(* the valuation v is only meaningful on nonzero elements *)
Definition vint (x : F) : Prop := x = 0 \/ 0 <= v x.
Definition vmax (x : F) : Prop := x = 0 \/ 1 <= v x.
Definition vunit (x : F) : Prop := x <> 0 /\ v x = 0.

Record nonarch_local_field_char0 : Prop := {
  v_mul : forall x y, x != 0 -> y != 0 -> v (x * y) = v x + v y;
  v_add : forall x y, x != 0 -> y != 0 -> x + y != 0 ->
            Num.min (v x) (v y) <= v (x + y);
  v_surj : forall n : int, exists x, x != 0 /\ v x = n;
  v_complete : forall u : nat -> F,
     (forall N : int, exists n0, forall m n, (n0 <= m)%N -> (n0 <= n)%N ->
         u m - u n = 0 \/ N <= v (u m - u n)) ->
     exists l, forall N : int, exists n0, forall n, (n0 <= n)%N ->
         u n - l = 0 \/ N <= v (u n - l);
  residue_finite : exists s : seq F, (forall y, y \in s -> vint y) /\
     forall x, vint x -> exists2 y, y \in s & vmax (x - y);
  char0 : [pchar F] =i pred0 }.

Definition is_square (d : F) : Prop := exists y : F, y ^+ 2 = d.

Section Alg.
Variable A : lalgType F.
Definition o_basis2 (oA : A -> Prop) (e1 e2 : A) : Prop :=
  [/\ oA e1, oA e2,
      (forall z, oA z <-> exists x y, [/\ vint x, vint y & z = x *: e1 + y *: e2])
    & (forall x y, vint x -> vint y -> x *: e1 + y *: e2 = 0 -> x = 0 /\ y = 0)].

Definition ext_ideal (oA : A -> Prop) (z : A) : Prop :=
  exists s : seq (F * A), (forall q, q \in s -> vmax q.1 /\ oA q.2) /\
     z = \sum_(q <- s) q.1 *: q.2.
End Alg.

Section Ext.
Variable L : fieldExtType F.
Definition intL (z : L) : Prop :=
  exists p : {poly F}, [/\ p \is monic, (forall i, vint p`_i) &
     root (map_poly (in_alg L) p) z].

Definition trL (z : L) : F :=
  \tr (passmx.mxof (vbasis {:L}) (vbasis {:L}) (amulr z)).

Definition disc2 (x1 x2 : L) : F :=
  \det (\matrix_(i < 2, j < 2)
          trL ((if i == 0 :> nat then x1 else x2) * (if j == 0 :> nat then x1 else x2))).

Definition in_disc_ideal (y : F) : Prop :=
  exists s : seq (F * (L * L)),
    (forall q, q \in s -> [/\ vint q.1, intL q.2.1 & intL q.2.2]) /\
    y = \sum_(q <- s) q.1 * disc2 q.2.1 q.2.2.

Definition generates_disc_ideal (d : F) : Prop :=
  forall y, in_disc_ideal y <-> exists2 r, vint r & y = r * d.
End Ext.

(* the split algebra F + F with F diagonally embedded and o_L = o + o *)
Definition intSplit (z : (F^o * F^o)%type) : Prop := vint z.1 /\ vint z.2.

End LocalField.

From HB Require Import structures.
From mathcomp Require Import all_boot all_order all_algebra all_field.
From mathcomp Require Import ring zify.
Import Order.TTheory GRing.Theory Num.Theory passmx.
Set Implicit Arguments. Unset Strict Implicit. Unset Printing Implicit Defensive.
Local Open Scope ring_scope.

---*---

Exercise details → After reading the listing, copy all of it out exactly.

Task solution →
(* the valuation v is only meaningful on nonzero elements *)
Definition vint (x : F) : Prop := x = 0 \/ 0 <= v x.
Definition vmax (x : F) : Prop := x = 0 \/ 1 <= v x.
Definition vunit (x : F) : Prop := x <> 0 /\ v x = 0.

Record nonarch_local_field_char0 : Prop := {
  v_mul : forall x y, x != 0 -> y != 0 -> v (x * y) = v x + v y;
  v_add : forall x y, x != 0 -> y != 0 -> x + y != 0 ->
            Num.min (v x) (v y) <= v (x + y);
  v_surj : forall n : int, exists x, x != 0 /\ v x = n;
  v_complete : forall u : nat -> F,
     (forall N : int, exists n0, forall m n, (n0 <= m)%N -> (n0 <= n)%N ->
         u m - u n = 0 \/ N <= v (u m - u n)) ->
     exists l, forall N : int, exists n0, forall n, (n0 <= n)%N ->
         u n - l = 0 \/ N <= v (u n - l);
  residue_finite : exists s : seq F, (forall y, y \in s -> vint y) /\
     forall x, vint x -> exists2 y, y \in s & vmax (x - y);
  char0 : [pchar F] =i pred0 }.

Definition is_square (d : F) : Prop := exists y : F, y ^+ 2 = d.

Section Alg.
Variable A : lalgType F.
Definition o_basis2 (oA : A -> Prop) (e1 e2 : A) : Prop :=
  [/\ oA e1, oA e2,
      (forall z, oA z <-> exists x y, [/\ vint x, vint y & z = x *: e1 + y *: e2])
    & (forall x y, vint x -> vint y -> x *: e1 + y *: e2 = 0 -> x = 0 /\ y = 0)].

Definition ext_ideal (oA : A -> Prop) (z : A) : Prop :=
  exists s : seq (F * A), (forall q, q \in s -> vmax q.1 /\ oA q.2) /\
     z = \sum_(q <- s) q.1 *: q.2.
End Alg.

Section Ext.
Variable L : fieldExtType F.
Definition intL (z : L) : Prop :=
  exists p : {poly F}, [/\ p \is monic, (forall i, vint p`_i) &
     root (map_poly (in_alg L) p) z].

Definition trL (z : L) : F :=
  \tr (passmx.mxof (vbasis {:L}) (vbasis {:L}) (amulr z)).

Definition disc2 (x1 x2 : L) : F :=
  \det (\matrix_(i < 2, j < 2)
          trL ((if i == 0 :> nat then x1 else x2) * (if j == 0 :> nat then x1 else x2))).

Definition in_disc_ideal (y : F) : Prop :=
  exists s : seq (F * (L * L)),
    (forall q, q \in s -> [/\ vint q.1, intL q.2.1 & intL q.2.2]) /\
    y = \sum_(q <- s) q.1 * disc2 q.2.1 q.2.2.

Definition generates_disc_ideal (d : F) : Prop :=
  forall y, in_disc_ideal y <-> exists2 r, vint r & y = r * d.
End Ext.

(* the split algebra F + F with F diagonally embedded and o_L = o + o *)
Definition intSplit (z : (F^o * F^o)%type) : Prop := vint z.1 /\ vint z.2.

End LocalField.

From HB Require Import structures.
From mathcomp Require Import all_boot all_order all_algebra all_field.
From mathcomp Require Import ring zify.
Import Order.TTheory GRing.Theory Num.Theory passmx.
Set Implicit Arguments. Unset Strict Implicit. Unset Printing Implicit Defensive.
Local Open Scope ring_scope.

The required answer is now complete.